John pushed the PCU from his lap and slumped over on his side, reaching for the medkit. His wounded ribs stretched. Raw, budding new flesh split apart. With the destructive crawl from the tent and now this, Minerva would be furious. He slid the pack across the skimmer pad as he sat back up and rifled through the meds. In his fone, he scanned through treatments for the most severe trauma, unresponsive patients, and stopped hearts, then searched for misdiagnoses and misadministration.
The three bulb injectors sat on his palm, each sealed within its own cautionary red casing. He stuffed two into a breast pocket, trading them for one of the diclomorph tabs.
Pill down the hatch, three gulps from his suit, and he unsealed the injector case. More fearful of wasting the meds than inadvertently killing himself, John found the pulse in his neck. It was critical to stick the jugular—not the carotid. A mirror would’ve been helpful. A medical team would’ve been more helpful. A fully functional body.
He pierced his skin, believing he was on target, and squeezed the bulb.
Wow, that was quick.
His mind and body came to life. Heat ripples rolled out to the ends of his extremities, bouncing back like sound waves.
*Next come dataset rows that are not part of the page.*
(* Let $\mathcal{L}$ be a family of balanced algebraic laws over a signature $\Sigma$. Then the geometry monoid $\mathcal{G}(\mathcal{L})$ is an inverse monoid.
   Context: Terms $T_\Sigma(V)$ over an infinite set $V$ of variables; an algebraic law $l=r$ is balanced if the same variables occur in $l$ and $r$. Addresses are finite sequences of positive integers, $t/\alpha$ the subterm of $t$ at address $\alpha$. For an oriented law $L=(l,r)$ and an address $\alpha$, the partial operator $O^{+}_{L,\alpha}$ maps $t$ to $t'$ iff $t/\alpha=l\sigma$ for some substitution $\sigma$ and $t'$ is obtained from $t$ by replacing the $\alpha$-th subterm by $r\sigma$; $O^{-}_{L,\alpha}$ is its inverse partial map. Operators act on the right and $f\bullet g$ means ''$f$ then $g$''. The geometry monoid $\mathcal{G}(\mathcal{L})$ is the monoid of partial maps generated by all $O^{\pm}_{L,\alpha}$ under $\bullet$ (it may contain the empty map). *)

From Stdlib Require Import List Arith.
Import ListNotations.
Set Implicit Arguments.

Section Terms.
Variables (Sigma : Type) (ar : Sigma -> nat) (V : Type).

Inductive term : Type :=
| Var : V -> term
| App : Sigma -> list term -> term.

Fixpoint wf (t : term) : Prop :=
  match t with
  | Var _ => True
  | App f args => length args = ar f /\
      (fix wfl (l : list term) : Prop :=
         match l with [] => True | u :: l' => wf u /\ wfl l' end) args
  end.

(* T_Sigma(V) is {t | wf t} *)

Fixpoint occurs (x : V) (t : term) : Prop :=
  match t with
  | Var y => x = y
  | App _ args =>
      (fix occl (l : list term) : Prop :=
         match l with [] => False | u :: l' => occurs x u \/ occl l' end) args
  end.

Definition balanced (l r : term) : Prop := forall x, occurs x l <-> occurs x r.

Fixpoint subst (s : V -> term) (t : term) : term :=
  match t with
  | Var x => s x
  | App f args => App f (map (subst s) args)
  end.

(* addresses: finite sequences of positive integers; i refers to the i-th
   argument (1-based) *)
Definition address := list nat.

Fixpoint subterm (t : term) (a : address) : option term :=
  match a with
  | [] => Some t
  | i :: a' =>
      match t with
      | Var _ => None
      | App f args =>
          match i with
          | 0 => None
          | S j => match nth_error args j with
                   | Some u => subterm u a'
                   | None => None
                   end
          end
      end
  end.

Fixpoint replace_nth (l : list term) (j : nat) (u : term) : list term :=
  match l, j with
  | [], _ => []
  | _ :: l', 0 => u :: l'
  | v :: l', S j' => v :: replace_nth l' j' u
  end.

Fixpoint replace (t : term) (a : address) (u : term) : option term :=
  match a with
  | [] => Some u
  | i :: a' =>
      match t with
      | Var _ => None
      | App f args =>
          match i with
          | 0 => None
          | S j => match nth_error args j with
                   | Some v => match replace v a' u with
                               | Some v' => Some (App f (replace_nth args j v'))
                               | None => None
                               end
                   | None => None
                   end
          end
      end
  end.

(* partial maps on T_Sigma(V), represented by their graphs *)
Definition pmap := term -> term -> Prop.

Definition Oplus (l r : term) (a : address) : pmap :=
  fun t t' => wf t /\ wf t' /\
    exists s : V -> term, (forall x, wf (s x)) /\
      subterm t a = Some (subst s l) /\ replace t a (subst s r) = Some t'.

Definition Ominus (l r : term) (a : address) : pmap :=
  fun t t' => Oplus l r a t' t.

(* f \bullet g : "f then g" *)
Definition pcomp (f g : pmap) : pmap :=
  fun t t'' => exists t', f t t' /\ g t' t''.

Definition pid : pmap := fun t t' => wf t /\ t = t'.

Inductive geom (L : term -> term -> Prop) : pmap -> Prop :=
| geom_id : geom L pid
| geom_plus : forall l r a, L l r -> geom L (Oplus l r a)
| geom_minus : forall l r a, L l r -> geom L (Ominus l r a)
| geom_comp : forall f g, geom L f -> geom L g -> geom L (pcomp f g).

End Terms.

Definition inverse_monoid (X : Type) (M : X -> Prop) (op : X -> X -> X) (e : X)
  : Prop :=
  M e /\ (forall f g, M f -> M g -> M (op f g)) /\
  (forall f g h, M f -> M g -> M h -> op (op f g) h = op f (op g h)) /\
  (forall f, M f -> op e f = f /\ op f e = f) /\
  (forall f, M f -> exists g, (M g /\ op (op f g) f = f /\ op (op g f) g = g) /\
     forall g', M g' -> op (op f g') f = f -> op (op g' f) g' = g' -> g' = g).

(* Balancedness makes each generator O^+_{L,α} a partial injection: a match of
   l determines the substitution on all variables of r and conversely, and
   rewriting at α can be undone by rewriting back.  O^-_{L,α} is the converse
   of O^+_{L,α}, so G(L) is a monoid of partial injections closed under
   converse, and in such a monoid the converse of f is the unique g with
   f g f = f and g f g = g. *)

From Stdlib Require Import List FunctionalExtensionality PropExtensionality.
Import ListNotations.
Set Implicit Arguments.

Section PartialMaps.
Variables (Sigma : Type) (ar : Sigma -> nat) (V : Type).
Implicit Types f g h : pmap Sigma V.

Definition conv f : pmap Sigma V := fun t u => f u t.

Definition functional f : Prop := forall t u v, f t u -> f t v -> u = v.

Definition partial_injection f : Prop := functional f /\ functional (conv f).

Definition wf_graph f : Prop := forall t u, f t u -> wf ar t /\ wf ar u.

Lemma pmap_ext f g : (forall t u, f t u <-> g t u) -> f = g.
Proof.
  intros H. apply functional_extensionality; intros t.
  apply functional_extensionality; intros u.
  apply propositional_extensionality, H.
Qed.

Lemma pcompA f g h : pcomp (pcomp f g) h = pcomp f (pcomp g h).
Proof.
  apply pmap_ext; intros t u; split.
  - intros [m [[k [A B]] C]]. exists k. split; [|exists m; split]; assumption.
  - intros [k [A [m [B C]]]]. exists m. split; [exists k; split|]; assumption.
Qed.

Lemma pcomp_pidl f : wf_graph f -> pcomp (@pid Sigma ar V) f = f.
Proof.
  intros Wf. apply pmap_ext; intros t u; split.
  - intros [m [[_ <-] B]]; exact B.
  - intros H. exists t. split; [split|]; auto. exact (proj1 (Wf _ _ H)).
Qed.

Lemma pcomp_pidr f : wf_graph f -> pcomp f (@pid Sigma ar V) = f.
Proof.
  intros Wf. apply pmap_ext; intros t u; split.
  - intros [m [A [_ <-]]]; exact A.
  - intros H. exists u. split; [|split]; auto. exact (proj2 (Wf _ _ H)).
Qed.

Lemma conv_pid : conv (@pid Sigma ar V) = @pid Sigma ar V.
Proof.
  apply pmap_ext; intros t u; split; intros [W <-]; split; auto.
Qed.

Lemma conv_pcomp f g : conv (pcomp f g) = pcomp (conv g) (conv f).
Proof.
  apply pmap_ext; intros t u; split; intros [m [A B]]; eexists; eauto.
Qed.

Lemma partial_injection_pid : partial_injection (@pid Sigma ar V).
Proof.
  split; intros t u v [_ <-] [_ <-]; reflexivity.
Qed.

Lemma functional_pcomp f g : functional f -> functional g -> functional (pcomp f g).
Proof.
  intros F G t u v [m1 [A1 B1]] [m2 [A2 B2]].
  assert (m1 = m2) as <- by eauto. eauto.
Qed.

Lemma partial_injection_pcomp f g :
  partial_injection f -> partial_injection g -> partial_injection (pcomp f g).
Proof.
  intros [F1 F2] [G1 G2]. split; [now apply functional_pcomp|].
  rewrite conv_pcomp. now apply functional_pcomp.
Qed.

Lemma partial_injection_conv f : partial_injection f -> partial_injection (conv f).
Proof. intros [F1 F2]; split; assumption. Qed.

Lemma wf_graph_conv f : wf_graph f -> wf_graph (conv f).
Proof. intros Wf t u H. destruct (Wf _ _ H); split; assumption. Qed.

Lemma wf_graph_pcomp f g : wf_graph f -> wf_graph g -> wf_graph (pcomp f g).
Proof.
  intros Wf Wg t u [m [A B]]. split; [apply (Wf _ _ A) | apply (Wg _ _ B)].
Qed.

Lemma pcomp_conv_r f : functional (conv f) -> pcomp (pcomp f (conv f)) f = f.
Proof.
  intros Finj. apply pmap_ext; intros t u; split.
  - intros [m [[k [A B]] C]]. assert (t = m) as <- by (eapply Finj; eauto). exact C.
  - intros H. exists t. split; [exists u|]; auto.
Qed.

Lemma conv_unique f g : partial_injection f -> partial_injection g ->
  pcomp (pcomp f g) f = f -> pcomp (pcomp g f) g = g -> g = conv f.
Proof.
  intros [F1 F2] [G1 G2] Ef Eg. apply pmap_ext; intros t u; split.
  - intros H. pose proof H as H'. rewrite <- Eg in H'.
    destruct H' as [m [[k [A B]] C]].
    assert (k = u) as -> by eauto. assert (m = t) as -> by (eapply G2; eauto).
    exact B.
  - intros H. pose proof H as H'. rewrite <- Ef in H'.
    destruct H' as [m [[k [A B]] C]].
    assert (k = t) as -> by eauto. assert (m = u) as -> by (eapply F2; eauto).
    exact B.
Qed.

Lemma inverse_monoid_partial_injections (M : pmap Sigma V -> Prop) :
  M (@pid Sigma ar V) ->
  (forall f g, M f -> M g -> M (pcomp f g)) ->
  (forall f, M f -> M (conv f)) ->
  (forall f, M f -> partial_injection f /\ wf_graph f) ->
  inverse_monoid M (@pcomp Sigma V) (@pid Sigma ar V).
Proof.
  intros Mid Mcomp Mconv Minj.
  split; [exact Mid|]. split; [exact Mcomp|].
  split; [intros; apply pcompA|].
  split.
  { intros f Mf. destruct (Minj f Mf) as [_ Wf].
    split; [apply pcomp_pidl | apply pcomp_pidr]; exact Wf. }
  intros f Mf. destruct (Minj f Mf) as [[F1 F2] _].
  exists (conv f). split; [split; [|split]|].
  - now apply Mconv.
  - now apply pcomp_conv_r.
  - exact (pcomp_conv_r (f := conv f) F1).
  - intros g Mg Ef Eg. apply conv_unique; auto.
    + split; assumption.
    + exact (proj1 (Minj g Mg)).
Qed.

End PartialMaps.

Section Rewriting.
Variables (Sigma : Type) (ar : Sigma -> nat) (V : Type).
Notation term := (term Sigma V).

Definition term_nested_ind (P : term -> Prop)
  (HV : forall x, P (Var Sigma x))
  (HA : forall f args, Forall P args -> P (App f args)) : forall t, P t :=
  fix F t := match t with
  | Var _ x => HV x
  | App f args => HA f args ((fix G l := match l return Forall P l with
        | [] => Forall_nil _ | u :: l' => Forall_cons _ (F u) (G l') end) args)
  end.

Lemma occurs_App (x : V) f (args : list term) :
  occurs x (App f args) <-> exists u, In u args /\ occurs x u.
Proof.
  induction args as [|a args IH]; simpl.
  - split; [tauto | intros [u [[] _]]].
  - change ((fix occl (l : list term) : Prop :=
         match l with [] => False | u :: l' => occurs x u \/ occl l' end) args)
      with (occurs x (App f args)).
    rewrite IH. split.
    + intros [H | [u [Hu Hx]]]; eauto.
    + intros [u [[<- | Hu] Hx]]; eauto.
Qed.

Lemma subst_eq_occurs {s1 s2 : V -> term} {t} :
  subst s1 t = subst s2 t -> forall x, occurs x t -> s1 x = s2 x.
Proof.
  induction t as [y | f args IH] using term_nested_ind.
  - intros H x Hx. simpl in *. subst. exact H.
  - intros H x Hx. apply occurs_App in Hx. destruct Hx as [u [Hu Hx]].
    simpl in H. injection H as H. rewrite Forall_forall in IH.
    exact (IH u Hu (ext_in_map H u Hu) x Hx).
Qed.

Lemma subst_ext_occurs (s1 s2 : V -> term) t :
  (forall x, occurs x t -> s1 x = s2 x) -> subst s1 t = subst s2 t.
Proof.
  induction t as [y | f args IH] using term_nested_ind.
  - intros H. apply H. reflexivity.
  - intros H. simpl. f_equal. rewrite Forall_forall in IH. apply map_ext_in.
    intros u Hu. apply IH; auto. intros x Hx. apply H, occurs_App. eauto.
Qed.

Lemma subst_balanced {l r : term} {s1 s2 : V -> term} :
  balanced l r -> subst s1 l = subst s2 l -> subst s1 r = subst s2 r.
Proof.
  intros Hb E. apply subst_ext_occurs. intros x Hx.
  apply (subst_eq_occurs E), Hb, Hx.
Qed.

Lemma nth_error_replace_nth (l : list term) j u v :
  nth_error l j = Some v -> nth_error (replace_nth l j u) j = Some u.
Proof.
  revert j; induction l as [|a l IH]; intros [|j]; simpl; try discriminate; auto.
Qed.

Lemma replace_nth_twice (l : list term) j u w :
  replace_nth (replace_nth l j u) j w = replace_nth l j w.
Proof.
  revert j; induction l as [|a l IH]; intros [|j]; simpl; auto. now rewrite IH.
Qed.

Lemma replace_nth_id {l : list term} {j v} :
  nth_error l j = Some v -> replace_nth l j v = l.
Proof.
  revert j; induction l as [|a l IH]; intros [|j]; simpl; try discriminate.
  - now intros [= ->].
  - intros H. now rewrite IH.
Qed.

Lemma subterm_replace {a : address} {t w v : term} :
  replace t a w = Some v -> subterm v a = Some w.
Proof.
  revert t v; induction a as [|i a IH]; intros t v; simpl; [congruence|].
  destruct t as [x | f args]; [discriminate|]. destruct i as [|j]; [discriminate|].
  destruct (nth_error args j) as [v0|] eqn:E; [|discriminate].
  destruct (replace v0 a w) as [v0'|] eqn:E2; [|discriminate].
  intros [= <-]. erewrite nth_error_replace_nth by eauto. eauto.
Qed.

Lemma replace_undo {a : address} {t w0 w v : term} :
  subterm t a = Some w0 -> replace t a w = Some v -> replace v a w0 = Some t.
Proof.
  revert t v; induction a as [|i a IH]; intros t v; simpl; [congruence|].
  destruct t as [x | f args]; [discriminate|]. destruct i as [|j]; [discriminate|].
  destruct (nth_error args j) as [v0|] eqn:E; [|discriminate].
  intros Hs. destruct (replace v0 a w) as [v0'|] eqn:E2; [|discriminate].
  intros [= <-]. erewrite nth_error_replace_nth by eauto.
  rewrite (IH _ _ Hs E2), replace_nth_twice, (replace_nth_id E).
  reflexivity.
Qed.

Lemma partial_injection_Oplus (l r : term) a :
  balanced l r -> partial_injection (Oplus ar l r a).
Proof.
  intros Hb. split.
  - intros t u v [_ [_ [s1 [_ [H1 R1]]]]] [_ [_ [s2 [_ [H2 R2]]]]].
    rewrite H1 in H2. injection H2 as H2.
    rewrite (subst_balanced Hb H2) in R1. congruence.
  - intros t u v [_ [_ [s1 [_ [H1 R1]]]]] [_ [_ [s2 [_ [H2 R2]]]]].
    pose proof (replace_undo H1 R1) as U1.
    pose proof (replace_undo H2 R2) as U2.
    assert (Er : subst s1 r = subst s2 r).
    { pose proof (subterm_replace R1). pose proof (subterm_replace R2). congruence. }
    assert (Hrl : balanced r l) by (intros x; symmetry; apply Hb).
    rewrite (subst_balanced Hrl Er) in U1. congruence.
Qed.

Lemma wf_graph_Oplus (l r : term) a : wf_graph ar (Oplus ar l r a).
Proof. intros t u [Wt [Wu _]]; split; assumption. Qed.

Section Geometry.
Variable L : term -> term -> Prop.
Hypothesis L_balanced : forall l r, L l r -> balanced l r.

Lemma geom_conv f : geom ar L f -> geom ar L (conv f).
Proof.
  induction 1 as [| l r a HL | l r a HL | f g _ IHf _ IHg].
  - rewrite conv_pid. constructor.
  - now apply geom_minus.
  - now apply geom_plus.
  - rewrite conv_pcomp. now constructor.
Qed.

Lemma geom_partial_injection f :
  geom ar L f -> partial_injection f /\ wf_graph ar f.
Proof.
  induction 1 as [| l r a HL | l r a HL | f g _ [If Wf] _ [Ig Wg]].
  - split; [apply partial_injection_pid | intros t u [W <-]; auto].
  - split; [apply partial_injection_Oplus, L_balanced, HL | apply wf_graph_Oplus].
  - split; [apply partial_injection_conv, partial_injection_Oplus, L_balanced, HL
           | apply wf_graph_conv, wf_graph_Oplus].
  - split; [now apply partial_injection_pcomp | now apply wf_graph_pcomp].
Qed.

End Geometry.
End Rewriting.

Theorem proposition1p8 (Sigma : Type) (ar : Sigma -> nat) (V : Type)
  (V_infinite : exists i : nat -> V, forall m n, i m = i n -> m = n)
  (L : term Sigma V -> term Sigma V -> Prop)
  (L_wf : forall l r, L l r -> wf ar l /\ wf ar r)
  (L_balanced : forall l r, L l r -> balanced l r) :
  inverse_monoid (geom ar L) (@pcomp Sigma V) (@pid Sigma ar V).
Proof.
  apply inverse_monoid_partial_injections.
  - apply geom_id.
  - apply geom_comp.
  - apply geom_conv.
  - now apply geom_partial_injection.
Qed.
Somehow he’d expected that he would head out with one of the skimmers to find Minerva, pick her up, bring her back to the site, and promptly drop dead. Now he realized he could not only rescue Minerva, but endure on—returning to re-pair with the second skimmer, load up all their gear, and go streaking through the air, all the way to the damned coast , where Aether and Pablo would take things from there.
He gripped the bar above him, pulled himself to his feet, and powered on one skimmer. This was going to work!
Wait… the suit. She’d need her suit.
No problem. He locked in on the clothes heap, stepped down from the pad with a dull tug in his thigh, and limped to the pile, undaunted. Bend, clutch, lift, turn. Back to the pad.
He hung her suit over the main grip bar, took the controls in hand, and ascended into the brisk evening air.